Dall’altro lato del camino bianco era seduto un signore più anziano, con i baffi girati in su e gli occhi vispi sotto folte sopracciglia grigie striate di scuro. I capelli invece erano tutti bianchi, e il sorriso con cui la guardava era pieno di comprensione. Sembrava sapesse perfettamente che le faceva male la pancia e che aveva una paura tremenda, ma pareva volesse dirle che sapeva anche che sarebbe andato tutto a posto tra un poco. Si limitò a dire alla signorina che l’aveva accompagnata di occuparsi di tutto quello di cui la bambina avesse bisogno in quel momento, e soprattutto di darle una bella tazza di latte zuccherato – nel dire questo le strizzava allegramente un occhio – e poi assicurarsi che avesse vestiti puliti e un letto caldo.
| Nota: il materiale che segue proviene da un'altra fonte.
Lemma near_frac_negpt (Q : nat) (eps : R) (u : R * R) (d : Z * Z) :
  near_frac Q eps u d -> near_frac Q eps u (negpt d).
Proof.
  intros [a [b [Ha [Hb [Hgcd [Hbq Happrox]]]]]].
  exists (- a), b; repeat split; try lia; [rewrite Z.gcd_opp_l; exact Hgcd|].
  replace (dot u (negpt d) - IZR (- a) / IZR b)%R with (- (dot u d - IZR a / IZR b))%R.
  - rewrite Rabs_Ropp; exact Happrox.
  - unfold dot, negpt; cbn [fst snd]; rewrite !opp_IZR; field; apply not_0_IZR; exact Hb.
Qed.

Lemma goodset_index (Q k : nat) (eps : R) (u : R * R) (d : Z * Z) :
  goodset Q k eps u d ->
  let q := Z.of_nat (fact Q) in
  exists m, ((1 <= m <= k - 1)%nat /\ near_frac Q eps u (Dpt q k m)) /\
    (d = Dpt q k m \/ d = negpt (Dpt q k m)).
Proof.
  intros [[[m [Hm ->]] | [m [Hm Hd]]] Hnear] q.
  - exists m; auto.
  - exists m; fold q in Hd; rewrite <- Hd, negpt_involutive.
    split; [split; [exact Hm | apply near_frac_negpt; exact Hnear] | right; reflexivity].
Qed.

Theorem lemma6 (Q k : nat) (HQ : (2 <= Q)%nat) (Hk : (2 <= k)%nat) :
  exists eps : R, (0 < eps)%R /\
    forall u : R * R,
      (forall l : list (Z * Z),
          NoDup l -> (forall d, In d l -> goodset Q k eps u d) -> (length l <= 4)%nat) /\
      (forall d : Z * Z, goodset Q k eps u d -> goodset Q k eps u (negpt d)).
Proof.
  exists (approx_eps Q k); split; [apply approx_eps_spec|].
  intros u; set (q := Z.of_nat (fact Q)); split.
  - intros l Hnodup Hgood.
    destruct (covered_by_two
                (fun m => (1 <= m <= k - 1)%nat /\ near_frac Q (approx_eps Q k) u (Dpt q k m)))
      as [a [b Hab]].
    { intros i j m Hijm [Hi Ni] [_ Nj] [Hm Nm].
      exact (no_three_near_frac Q k u i j m ltac:(lia) Hijm ltac:(lia) Ni Nj Nm). }
    change 4%nat with (length [Dpt q k a; negpt (Dpt q k a); Dpt q k b; negpt (Dpt q k b)]).
    apply NoDup_incl_length; [exact Hnodup|]; intros d Hd.
    destruct (goodset_index _ _ _ _ _ (Hgood d Hd)) as [m [Hm Hdm]].
    destruct (Hab m Hm) as [-> | ->], Hdm as [-> | ->]; cbn [In]; tauto.
  - intros d [Hpm Hnear]; split; [|apply near_frac_negpt, Hnear].
    destruct Hpm as [H | H]; [right; rewrite negpt_involutive | left]; exact H.
Qed.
Avrebbero fatto amicizia il giorno dopo, disse, e la congedò senza toccarla. Mentre usciva con la mano nella mano della signorina, la bambina non aveva più mal di pancia e pensava al latte caldo zuccherato, ma sapeva anche di avere le mutandine sporche, adesso, e si chiedeva come avrebbe fatto a nasconderle. La signorina la portò dritto in una stanza da bagno, con una grande vasca coi piedi di animale, e senza parlare aprì i rubinetti da dove usciva zampillando acqua calda e fredda, poi si volse a lei mentre la vasca si riempiva e cominciò a spogliarla, sempre in silenzio. Degnò appena di uno sguardo le mutandine striate di marrone e fece un mucchio in un angolo di tutti i suoi vestiti, tenendo da parte solo il giacchettino nero tinto, poi la invitò ad entrare nella vasca e cominciò a lavarla. Soltanto allora, quando sentì la carezza dell’acqua tiepida sul corpicino rattrappito nella tensione gelata delle ultime ore, e una corrente benevola le scese dalla testa sulla nuca e lungo la schiena, sulla vergogna della pelle sporca e macchiata di cacca, coperta di puntini come quando aveva tanto freddo e faceva la “pelle di gallina”, soltanto allora arrivarono le lacrime.

Quando la lunghissima notte in cui Teresina pianse fino a sfinirsi, con la testa sotto il cuscino, per non farsi sentire dalle compagne della camerata, dopo che la signorina l’aveva asciugata, consolata in maniera spiccia, dicendole di piantarla che tanto domani le sarebbe passato tutto, dopo che ebbe ingollato con avidità il latte caldo zuccherato ricavandone una grande consolazione per il corpo, come prima lo era stata l’acqua calda, ma una specie di inasprimento della pena del cuore, dopo che ebbe pensato punto per punto tutto quello che in quel momento stava accadendo laggiù nella vecchia casa accanto al fuoco rosso e nero della cucina, i fratelli che si accapigliavano, la sorella maggiore che tagliava il pane in pezzi piccoli perché sembrasse di più, la mamma (oh, la mamma) che cullava la piccola per farla addormentare, la piccola che sentiva quella sera di odiare con tutte le sue forze, dopo che la sua bambola di pezza fu talmente zuppa delle sue lacrime che sembrava avesse pianto con lei, e finalmente si erano addormentate insieme, quando la notte finì e la luce opaca di un giorno di novembre illuminò un lungo tavolo di facce di bambini e tazze di latte fumante, Teresina decise di chiudere nel più profondo del cuore il ricordo di quei primi momenti, e non aprire mai più quel cassetto, fino a quando non si fosse ripulito di tutto il dolore.